WHAT TO DO: Using "envl" as the search string, find the matching lines below and copy them.

INPUT MATERIAL:
▬▬▬▬▬▬▬▬▬▬

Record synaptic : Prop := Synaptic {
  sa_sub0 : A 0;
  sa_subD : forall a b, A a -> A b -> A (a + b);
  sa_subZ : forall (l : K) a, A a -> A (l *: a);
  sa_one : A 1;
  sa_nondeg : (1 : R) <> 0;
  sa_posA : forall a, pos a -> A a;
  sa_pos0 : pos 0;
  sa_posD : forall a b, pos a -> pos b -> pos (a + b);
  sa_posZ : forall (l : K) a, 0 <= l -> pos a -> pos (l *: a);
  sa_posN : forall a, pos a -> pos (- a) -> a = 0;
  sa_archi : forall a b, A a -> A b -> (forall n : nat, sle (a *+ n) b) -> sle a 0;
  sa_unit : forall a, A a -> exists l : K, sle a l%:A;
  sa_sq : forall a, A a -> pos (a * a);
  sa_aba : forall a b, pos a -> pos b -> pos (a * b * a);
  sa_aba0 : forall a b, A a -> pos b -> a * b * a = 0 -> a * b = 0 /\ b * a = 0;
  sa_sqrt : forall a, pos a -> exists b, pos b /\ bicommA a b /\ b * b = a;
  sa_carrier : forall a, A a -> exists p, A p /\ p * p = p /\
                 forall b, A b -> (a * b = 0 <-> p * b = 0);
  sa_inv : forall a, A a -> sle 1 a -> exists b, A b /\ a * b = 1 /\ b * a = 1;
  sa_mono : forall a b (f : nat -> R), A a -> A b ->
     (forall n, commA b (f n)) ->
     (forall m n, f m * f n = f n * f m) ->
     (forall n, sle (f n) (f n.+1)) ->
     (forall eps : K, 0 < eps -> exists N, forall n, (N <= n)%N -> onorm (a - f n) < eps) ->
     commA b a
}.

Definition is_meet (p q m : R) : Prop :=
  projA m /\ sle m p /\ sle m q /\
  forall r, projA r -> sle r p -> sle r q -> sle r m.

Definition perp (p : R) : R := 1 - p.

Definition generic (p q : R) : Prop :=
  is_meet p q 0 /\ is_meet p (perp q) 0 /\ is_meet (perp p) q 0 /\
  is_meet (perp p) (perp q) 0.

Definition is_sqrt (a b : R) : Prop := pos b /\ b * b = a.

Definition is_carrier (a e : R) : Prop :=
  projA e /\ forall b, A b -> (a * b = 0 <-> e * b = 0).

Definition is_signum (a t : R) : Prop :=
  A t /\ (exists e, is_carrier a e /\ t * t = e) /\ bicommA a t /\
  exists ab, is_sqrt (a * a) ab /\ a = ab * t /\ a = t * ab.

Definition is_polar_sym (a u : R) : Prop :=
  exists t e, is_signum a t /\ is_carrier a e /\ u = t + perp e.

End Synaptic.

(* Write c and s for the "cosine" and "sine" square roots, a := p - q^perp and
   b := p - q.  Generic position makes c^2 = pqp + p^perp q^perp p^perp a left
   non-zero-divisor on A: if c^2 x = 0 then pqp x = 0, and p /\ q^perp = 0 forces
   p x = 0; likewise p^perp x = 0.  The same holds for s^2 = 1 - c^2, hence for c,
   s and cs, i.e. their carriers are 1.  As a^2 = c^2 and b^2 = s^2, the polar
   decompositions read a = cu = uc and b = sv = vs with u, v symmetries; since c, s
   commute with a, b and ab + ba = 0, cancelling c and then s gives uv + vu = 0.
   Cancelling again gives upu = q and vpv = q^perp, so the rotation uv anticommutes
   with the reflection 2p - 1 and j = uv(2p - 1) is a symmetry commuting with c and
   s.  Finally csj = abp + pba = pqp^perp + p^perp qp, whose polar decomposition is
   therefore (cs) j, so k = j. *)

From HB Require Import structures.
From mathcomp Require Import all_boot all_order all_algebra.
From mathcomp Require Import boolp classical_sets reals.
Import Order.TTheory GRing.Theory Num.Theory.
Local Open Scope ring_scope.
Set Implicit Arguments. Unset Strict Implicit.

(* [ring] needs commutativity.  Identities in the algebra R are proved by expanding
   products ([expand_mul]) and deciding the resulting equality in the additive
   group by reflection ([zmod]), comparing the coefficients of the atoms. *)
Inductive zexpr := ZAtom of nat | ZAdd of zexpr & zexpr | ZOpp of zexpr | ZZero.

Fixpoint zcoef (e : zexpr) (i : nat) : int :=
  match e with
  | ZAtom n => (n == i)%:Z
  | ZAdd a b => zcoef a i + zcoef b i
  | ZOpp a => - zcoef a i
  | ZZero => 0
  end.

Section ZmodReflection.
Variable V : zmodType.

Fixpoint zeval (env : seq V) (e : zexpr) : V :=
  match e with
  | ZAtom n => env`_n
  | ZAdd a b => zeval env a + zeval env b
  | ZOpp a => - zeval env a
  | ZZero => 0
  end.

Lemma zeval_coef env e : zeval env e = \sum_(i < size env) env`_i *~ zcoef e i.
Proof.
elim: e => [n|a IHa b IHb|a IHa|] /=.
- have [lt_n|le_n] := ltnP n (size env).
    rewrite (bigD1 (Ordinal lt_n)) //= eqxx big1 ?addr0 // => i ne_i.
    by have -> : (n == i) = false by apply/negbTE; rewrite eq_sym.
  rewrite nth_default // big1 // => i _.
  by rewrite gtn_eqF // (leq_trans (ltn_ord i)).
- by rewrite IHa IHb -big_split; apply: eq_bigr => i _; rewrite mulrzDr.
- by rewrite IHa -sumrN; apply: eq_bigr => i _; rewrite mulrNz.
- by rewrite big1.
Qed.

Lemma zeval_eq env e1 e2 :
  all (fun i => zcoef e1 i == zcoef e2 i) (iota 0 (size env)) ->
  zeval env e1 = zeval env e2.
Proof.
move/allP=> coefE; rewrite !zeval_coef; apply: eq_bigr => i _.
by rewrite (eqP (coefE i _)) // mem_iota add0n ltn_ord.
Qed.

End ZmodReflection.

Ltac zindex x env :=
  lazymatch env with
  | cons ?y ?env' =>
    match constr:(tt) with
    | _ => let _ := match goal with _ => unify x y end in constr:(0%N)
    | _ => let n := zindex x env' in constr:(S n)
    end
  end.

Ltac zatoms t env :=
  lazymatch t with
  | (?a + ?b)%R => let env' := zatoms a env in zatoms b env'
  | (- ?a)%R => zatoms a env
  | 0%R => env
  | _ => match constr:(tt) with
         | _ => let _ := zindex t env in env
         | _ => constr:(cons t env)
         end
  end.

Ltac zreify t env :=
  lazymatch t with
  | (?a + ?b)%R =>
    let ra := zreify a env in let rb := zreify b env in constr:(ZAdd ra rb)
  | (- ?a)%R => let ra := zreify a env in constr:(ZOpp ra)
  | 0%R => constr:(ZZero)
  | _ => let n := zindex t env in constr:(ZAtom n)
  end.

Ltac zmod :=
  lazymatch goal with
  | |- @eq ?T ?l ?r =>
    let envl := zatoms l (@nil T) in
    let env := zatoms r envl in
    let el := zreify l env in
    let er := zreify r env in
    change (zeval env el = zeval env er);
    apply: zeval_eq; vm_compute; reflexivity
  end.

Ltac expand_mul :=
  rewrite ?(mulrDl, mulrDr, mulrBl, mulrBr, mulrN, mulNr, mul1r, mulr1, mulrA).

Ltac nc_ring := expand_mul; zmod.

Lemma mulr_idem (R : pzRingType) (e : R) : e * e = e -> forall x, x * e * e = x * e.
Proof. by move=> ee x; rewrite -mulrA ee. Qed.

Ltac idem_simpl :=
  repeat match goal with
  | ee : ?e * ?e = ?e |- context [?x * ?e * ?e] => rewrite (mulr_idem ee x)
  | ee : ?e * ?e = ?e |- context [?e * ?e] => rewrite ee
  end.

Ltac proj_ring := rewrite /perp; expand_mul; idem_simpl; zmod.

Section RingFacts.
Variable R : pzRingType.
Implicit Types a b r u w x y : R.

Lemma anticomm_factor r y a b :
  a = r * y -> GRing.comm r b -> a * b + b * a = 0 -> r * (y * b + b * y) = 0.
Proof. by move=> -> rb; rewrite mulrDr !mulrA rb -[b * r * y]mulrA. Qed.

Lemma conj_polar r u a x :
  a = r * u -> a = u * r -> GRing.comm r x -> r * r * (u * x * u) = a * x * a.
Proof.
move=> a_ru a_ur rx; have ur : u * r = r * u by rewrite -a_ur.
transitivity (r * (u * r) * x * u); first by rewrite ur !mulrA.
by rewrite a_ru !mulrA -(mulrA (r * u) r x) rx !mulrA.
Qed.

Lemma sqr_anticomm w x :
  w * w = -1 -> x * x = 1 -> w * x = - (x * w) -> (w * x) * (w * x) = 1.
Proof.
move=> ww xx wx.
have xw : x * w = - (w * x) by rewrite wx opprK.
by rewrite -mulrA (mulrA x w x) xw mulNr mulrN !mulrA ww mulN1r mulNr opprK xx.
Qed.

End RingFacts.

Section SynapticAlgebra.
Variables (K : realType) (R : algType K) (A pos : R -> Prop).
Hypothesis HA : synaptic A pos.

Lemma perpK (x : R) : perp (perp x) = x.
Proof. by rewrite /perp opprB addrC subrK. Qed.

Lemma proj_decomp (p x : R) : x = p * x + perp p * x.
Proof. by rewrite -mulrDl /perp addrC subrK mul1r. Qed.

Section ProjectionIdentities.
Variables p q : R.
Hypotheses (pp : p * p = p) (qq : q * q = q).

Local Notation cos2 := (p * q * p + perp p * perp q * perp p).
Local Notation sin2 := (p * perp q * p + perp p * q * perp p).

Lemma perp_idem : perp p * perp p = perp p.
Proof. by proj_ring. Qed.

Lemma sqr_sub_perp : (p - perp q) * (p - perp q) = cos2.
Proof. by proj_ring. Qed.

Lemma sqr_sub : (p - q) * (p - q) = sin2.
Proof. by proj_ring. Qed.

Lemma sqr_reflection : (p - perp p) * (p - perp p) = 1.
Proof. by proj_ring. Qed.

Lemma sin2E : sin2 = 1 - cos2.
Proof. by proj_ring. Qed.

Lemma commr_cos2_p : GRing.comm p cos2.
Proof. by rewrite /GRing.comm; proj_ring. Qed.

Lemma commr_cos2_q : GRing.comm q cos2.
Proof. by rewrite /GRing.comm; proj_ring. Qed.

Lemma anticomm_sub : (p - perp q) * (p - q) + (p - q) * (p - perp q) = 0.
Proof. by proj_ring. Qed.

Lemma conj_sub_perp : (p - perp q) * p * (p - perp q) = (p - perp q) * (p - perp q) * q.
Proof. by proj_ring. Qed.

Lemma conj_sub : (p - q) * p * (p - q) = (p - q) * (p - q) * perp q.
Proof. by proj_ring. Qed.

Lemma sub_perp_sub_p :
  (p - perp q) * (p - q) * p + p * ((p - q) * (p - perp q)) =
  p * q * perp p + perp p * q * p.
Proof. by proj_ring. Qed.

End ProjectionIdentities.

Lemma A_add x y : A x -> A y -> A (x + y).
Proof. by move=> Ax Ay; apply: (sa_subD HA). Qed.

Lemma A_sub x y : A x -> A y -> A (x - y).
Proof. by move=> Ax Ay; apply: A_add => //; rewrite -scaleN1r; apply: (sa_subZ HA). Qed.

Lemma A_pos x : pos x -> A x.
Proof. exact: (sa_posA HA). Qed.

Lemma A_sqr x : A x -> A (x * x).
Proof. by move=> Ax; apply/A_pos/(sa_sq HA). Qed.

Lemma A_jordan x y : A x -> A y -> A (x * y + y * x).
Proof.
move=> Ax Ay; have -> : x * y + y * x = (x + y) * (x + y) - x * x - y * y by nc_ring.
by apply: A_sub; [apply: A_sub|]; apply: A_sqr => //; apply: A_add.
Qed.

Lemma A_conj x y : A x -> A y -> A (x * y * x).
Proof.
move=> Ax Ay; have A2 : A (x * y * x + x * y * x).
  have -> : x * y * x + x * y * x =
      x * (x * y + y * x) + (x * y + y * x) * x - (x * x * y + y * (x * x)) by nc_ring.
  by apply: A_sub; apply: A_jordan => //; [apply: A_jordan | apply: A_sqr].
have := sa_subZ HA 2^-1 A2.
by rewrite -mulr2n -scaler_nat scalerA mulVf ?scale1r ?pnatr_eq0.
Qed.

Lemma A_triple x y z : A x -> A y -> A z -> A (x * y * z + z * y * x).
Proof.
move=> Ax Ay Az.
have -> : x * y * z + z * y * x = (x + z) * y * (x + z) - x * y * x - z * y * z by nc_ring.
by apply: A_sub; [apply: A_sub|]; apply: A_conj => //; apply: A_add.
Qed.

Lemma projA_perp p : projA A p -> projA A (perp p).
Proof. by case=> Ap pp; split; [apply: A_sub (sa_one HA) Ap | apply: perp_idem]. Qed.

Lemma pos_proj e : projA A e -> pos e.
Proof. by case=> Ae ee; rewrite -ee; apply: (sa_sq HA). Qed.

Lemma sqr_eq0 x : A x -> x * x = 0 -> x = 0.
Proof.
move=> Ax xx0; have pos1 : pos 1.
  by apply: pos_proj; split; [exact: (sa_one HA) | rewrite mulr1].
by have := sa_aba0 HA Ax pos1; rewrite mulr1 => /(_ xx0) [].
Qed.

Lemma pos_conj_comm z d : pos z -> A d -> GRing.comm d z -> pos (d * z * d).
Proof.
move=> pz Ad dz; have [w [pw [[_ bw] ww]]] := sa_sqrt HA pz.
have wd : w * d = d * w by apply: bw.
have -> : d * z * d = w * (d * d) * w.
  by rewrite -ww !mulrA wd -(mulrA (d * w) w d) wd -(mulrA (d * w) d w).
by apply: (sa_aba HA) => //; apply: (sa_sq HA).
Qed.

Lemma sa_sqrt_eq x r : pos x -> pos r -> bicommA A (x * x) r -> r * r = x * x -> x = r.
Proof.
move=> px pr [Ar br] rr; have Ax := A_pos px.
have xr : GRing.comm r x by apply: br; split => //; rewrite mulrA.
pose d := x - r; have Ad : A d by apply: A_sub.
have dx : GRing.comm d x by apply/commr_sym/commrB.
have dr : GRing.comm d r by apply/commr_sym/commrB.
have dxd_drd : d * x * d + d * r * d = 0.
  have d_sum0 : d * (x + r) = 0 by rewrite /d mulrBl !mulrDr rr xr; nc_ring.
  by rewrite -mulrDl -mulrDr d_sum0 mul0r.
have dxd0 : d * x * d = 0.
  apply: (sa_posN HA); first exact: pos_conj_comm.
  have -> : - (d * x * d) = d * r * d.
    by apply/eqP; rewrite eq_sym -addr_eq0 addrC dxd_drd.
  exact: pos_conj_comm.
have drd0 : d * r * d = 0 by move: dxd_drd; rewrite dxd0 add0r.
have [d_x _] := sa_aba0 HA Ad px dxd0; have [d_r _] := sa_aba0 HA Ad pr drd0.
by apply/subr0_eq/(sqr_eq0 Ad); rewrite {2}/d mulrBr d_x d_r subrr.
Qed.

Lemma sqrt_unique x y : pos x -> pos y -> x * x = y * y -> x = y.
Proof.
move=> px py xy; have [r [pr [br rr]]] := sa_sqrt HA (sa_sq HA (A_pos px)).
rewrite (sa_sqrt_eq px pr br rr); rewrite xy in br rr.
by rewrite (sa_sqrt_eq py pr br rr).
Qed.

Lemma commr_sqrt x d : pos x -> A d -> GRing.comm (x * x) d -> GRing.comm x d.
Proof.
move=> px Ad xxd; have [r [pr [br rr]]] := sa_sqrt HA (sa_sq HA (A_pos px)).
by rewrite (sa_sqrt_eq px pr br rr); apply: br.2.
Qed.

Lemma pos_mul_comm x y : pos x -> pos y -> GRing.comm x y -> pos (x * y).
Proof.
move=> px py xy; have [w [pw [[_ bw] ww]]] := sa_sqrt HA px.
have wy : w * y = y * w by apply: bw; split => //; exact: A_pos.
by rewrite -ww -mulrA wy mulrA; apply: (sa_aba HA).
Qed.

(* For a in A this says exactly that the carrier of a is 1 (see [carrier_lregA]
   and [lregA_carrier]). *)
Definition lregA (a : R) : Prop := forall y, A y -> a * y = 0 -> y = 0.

▬▬▬▬▬▬▬▬▬▬

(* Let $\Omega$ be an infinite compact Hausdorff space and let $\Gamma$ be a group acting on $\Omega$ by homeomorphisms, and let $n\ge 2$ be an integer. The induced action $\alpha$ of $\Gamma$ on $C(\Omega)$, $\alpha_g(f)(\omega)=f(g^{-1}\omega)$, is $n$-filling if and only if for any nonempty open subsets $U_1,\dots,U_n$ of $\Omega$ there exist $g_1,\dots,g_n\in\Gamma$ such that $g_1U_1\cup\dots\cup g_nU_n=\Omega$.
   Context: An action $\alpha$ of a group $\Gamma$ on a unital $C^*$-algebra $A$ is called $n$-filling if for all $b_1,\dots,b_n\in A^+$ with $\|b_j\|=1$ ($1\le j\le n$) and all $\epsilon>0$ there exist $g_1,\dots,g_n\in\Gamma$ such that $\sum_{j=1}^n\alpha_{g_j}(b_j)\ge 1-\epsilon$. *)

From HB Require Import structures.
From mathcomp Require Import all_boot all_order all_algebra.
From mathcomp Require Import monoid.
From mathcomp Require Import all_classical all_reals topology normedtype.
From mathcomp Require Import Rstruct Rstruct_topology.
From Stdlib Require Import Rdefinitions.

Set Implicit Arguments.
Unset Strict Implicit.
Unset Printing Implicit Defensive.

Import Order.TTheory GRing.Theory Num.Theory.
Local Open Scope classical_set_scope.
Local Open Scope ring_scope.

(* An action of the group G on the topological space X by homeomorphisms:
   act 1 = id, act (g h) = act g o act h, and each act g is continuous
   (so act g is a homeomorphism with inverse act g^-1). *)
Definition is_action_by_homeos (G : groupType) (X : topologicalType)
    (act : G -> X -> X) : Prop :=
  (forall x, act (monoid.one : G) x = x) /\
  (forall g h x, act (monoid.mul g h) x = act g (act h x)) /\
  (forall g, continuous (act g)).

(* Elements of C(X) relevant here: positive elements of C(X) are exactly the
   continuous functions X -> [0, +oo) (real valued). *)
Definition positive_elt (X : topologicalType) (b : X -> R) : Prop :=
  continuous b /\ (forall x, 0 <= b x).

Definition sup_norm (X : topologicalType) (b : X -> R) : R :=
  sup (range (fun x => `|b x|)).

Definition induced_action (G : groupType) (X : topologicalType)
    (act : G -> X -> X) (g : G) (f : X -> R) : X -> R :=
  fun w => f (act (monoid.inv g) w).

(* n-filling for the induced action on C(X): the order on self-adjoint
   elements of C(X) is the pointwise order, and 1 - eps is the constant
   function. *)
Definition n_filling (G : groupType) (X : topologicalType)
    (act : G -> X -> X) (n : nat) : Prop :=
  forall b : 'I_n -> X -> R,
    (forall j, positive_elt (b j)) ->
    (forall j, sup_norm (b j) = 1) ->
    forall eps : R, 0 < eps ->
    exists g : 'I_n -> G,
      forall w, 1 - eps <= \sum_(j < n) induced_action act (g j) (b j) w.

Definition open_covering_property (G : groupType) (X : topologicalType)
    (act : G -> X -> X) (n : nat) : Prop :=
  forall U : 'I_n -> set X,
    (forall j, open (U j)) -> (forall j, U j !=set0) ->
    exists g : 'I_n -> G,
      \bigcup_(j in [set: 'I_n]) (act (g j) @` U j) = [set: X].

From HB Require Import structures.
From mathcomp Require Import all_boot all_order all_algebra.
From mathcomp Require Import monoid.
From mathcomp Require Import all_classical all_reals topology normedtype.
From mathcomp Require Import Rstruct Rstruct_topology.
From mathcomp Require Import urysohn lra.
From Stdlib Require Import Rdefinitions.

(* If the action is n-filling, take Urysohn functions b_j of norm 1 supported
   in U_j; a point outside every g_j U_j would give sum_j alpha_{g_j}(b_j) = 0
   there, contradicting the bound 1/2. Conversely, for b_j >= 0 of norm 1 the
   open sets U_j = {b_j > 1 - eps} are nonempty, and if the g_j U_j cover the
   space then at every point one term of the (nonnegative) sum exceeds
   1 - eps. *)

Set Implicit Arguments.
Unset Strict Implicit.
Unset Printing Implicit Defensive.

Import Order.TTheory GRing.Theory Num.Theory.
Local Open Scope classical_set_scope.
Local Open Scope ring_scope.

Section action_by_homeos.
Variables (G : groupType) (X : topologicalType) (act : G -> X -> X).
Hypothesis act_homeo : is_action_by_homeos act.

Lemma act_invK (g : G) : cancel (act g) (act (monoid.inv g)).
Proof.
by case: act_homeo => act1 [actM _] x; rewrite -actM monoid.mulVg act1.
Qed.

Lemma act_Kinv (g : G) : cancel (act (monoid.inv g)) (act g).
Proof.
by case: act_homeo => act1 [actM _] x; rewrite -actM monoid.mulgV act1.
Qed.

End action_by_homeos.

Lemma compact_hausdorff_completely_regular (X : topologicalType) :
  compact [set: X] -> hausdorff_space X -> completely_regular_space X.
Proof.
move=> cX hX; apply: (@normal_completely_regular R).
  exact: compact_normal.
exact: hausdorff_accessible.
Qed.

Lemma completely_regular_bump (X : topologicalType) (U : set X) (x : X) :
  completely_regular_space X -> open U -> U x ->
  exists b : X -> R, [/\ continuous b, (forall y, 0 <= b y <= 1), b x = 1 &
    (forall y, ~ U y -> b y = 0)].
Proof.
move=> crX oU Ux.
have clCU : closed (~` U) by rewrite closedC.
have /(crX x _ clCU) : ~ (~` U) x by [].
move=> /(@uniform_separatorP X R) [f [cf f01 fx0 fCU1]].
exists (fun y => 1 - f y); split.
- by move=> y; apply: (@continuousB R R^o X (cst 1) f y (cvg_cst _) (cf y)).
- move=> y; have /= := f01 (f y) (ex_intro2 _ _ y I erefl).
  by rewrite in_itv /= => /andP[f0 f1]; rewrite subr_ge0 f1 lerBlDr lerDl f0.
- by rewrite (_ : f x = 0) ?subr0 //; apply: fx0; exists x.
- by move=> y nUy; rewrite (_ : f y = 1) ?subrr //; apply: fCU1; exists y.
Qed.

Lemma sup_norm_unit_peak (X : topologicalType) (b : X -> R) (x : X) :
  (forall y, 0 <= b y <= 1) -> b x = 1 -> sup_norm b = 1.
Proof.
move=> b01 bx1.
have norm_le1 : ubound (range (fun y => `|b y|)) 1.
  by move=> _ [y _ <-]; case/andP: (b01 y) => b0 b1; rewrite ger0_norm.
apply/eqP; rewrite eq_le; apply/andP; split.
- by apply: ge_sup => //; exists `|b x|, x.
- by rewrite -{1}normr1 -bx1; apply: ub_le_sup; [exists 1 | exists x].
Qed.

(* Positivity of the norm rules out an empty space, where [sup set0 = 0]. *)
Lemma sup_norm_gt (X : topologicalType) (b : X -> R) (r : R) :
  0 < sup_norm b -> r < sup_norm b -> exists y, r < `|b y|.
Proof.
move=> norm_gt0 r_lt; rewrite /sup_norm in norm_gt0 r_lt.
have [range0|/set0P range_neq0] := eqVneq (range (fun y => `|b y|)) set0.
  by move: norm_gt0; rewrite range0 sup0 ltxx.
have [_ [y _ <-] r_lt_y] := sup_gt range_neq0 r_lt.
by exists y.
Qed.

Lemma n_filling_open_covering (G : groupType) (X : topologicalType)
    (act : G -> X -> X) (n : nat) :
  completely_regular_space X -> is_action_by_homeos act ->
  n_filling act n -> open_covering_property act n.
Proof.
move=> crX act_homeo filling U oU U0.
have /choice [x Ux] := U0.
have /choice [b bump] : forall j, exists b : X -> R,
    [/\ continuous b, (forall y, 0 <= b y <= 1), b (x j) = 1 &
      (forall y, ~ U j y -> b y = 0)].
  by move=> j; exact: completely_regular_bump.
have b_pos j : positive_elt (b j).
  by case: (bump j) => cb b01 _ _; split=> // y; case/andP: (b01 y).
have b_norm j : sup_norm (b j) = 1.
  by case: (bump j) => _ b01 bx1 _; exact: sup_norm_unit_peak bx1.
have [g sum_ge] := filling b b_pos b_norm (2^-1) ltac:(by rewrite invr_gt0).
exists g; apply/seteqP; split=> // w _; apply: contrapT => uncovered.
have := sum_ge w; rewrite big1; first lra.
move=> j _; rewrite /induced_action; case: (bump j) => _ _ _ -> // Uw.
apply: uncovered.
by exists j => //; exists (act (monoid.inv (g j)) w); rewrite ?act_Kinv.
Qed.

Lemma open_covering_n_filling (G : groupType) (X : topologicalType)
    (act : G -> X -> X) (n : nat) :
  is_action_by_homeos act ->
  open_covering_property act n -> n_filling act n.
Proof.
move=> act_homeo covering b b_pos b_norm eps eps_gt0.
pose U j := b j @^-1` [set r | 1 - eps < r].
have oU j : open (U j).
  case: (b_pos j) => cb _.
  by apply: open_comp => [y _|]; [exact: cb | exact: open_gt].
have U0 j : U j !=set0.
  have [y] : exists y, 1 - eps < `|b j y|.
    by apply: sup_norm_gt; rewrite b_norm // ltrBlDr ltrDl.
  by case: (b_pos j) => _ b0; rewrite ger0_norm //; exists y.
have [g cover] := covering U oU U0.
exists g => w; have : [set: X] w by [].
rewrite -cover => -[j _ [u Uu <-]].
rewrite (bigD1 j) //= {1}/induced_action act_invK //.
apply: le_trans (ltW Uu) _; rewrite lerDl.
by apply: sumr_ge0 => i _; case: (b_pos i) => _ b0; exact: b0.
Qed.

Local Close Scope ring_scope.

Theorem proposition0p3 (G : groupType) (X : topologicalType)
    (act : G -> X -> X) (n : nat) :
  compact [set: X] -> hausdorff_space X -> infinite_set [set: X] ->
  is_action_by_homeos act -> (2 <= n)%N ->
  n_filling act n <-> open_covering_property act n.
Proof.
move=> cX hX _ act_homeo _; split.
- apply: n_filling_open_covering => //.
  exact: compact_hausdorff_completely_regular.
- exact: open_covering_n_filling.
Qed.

▬▬▬▬▬▬▬▬▬▬

WRITTEN REPLY:
    let envl := zatoms l (@nil T) in
    let env := zatoms r envl in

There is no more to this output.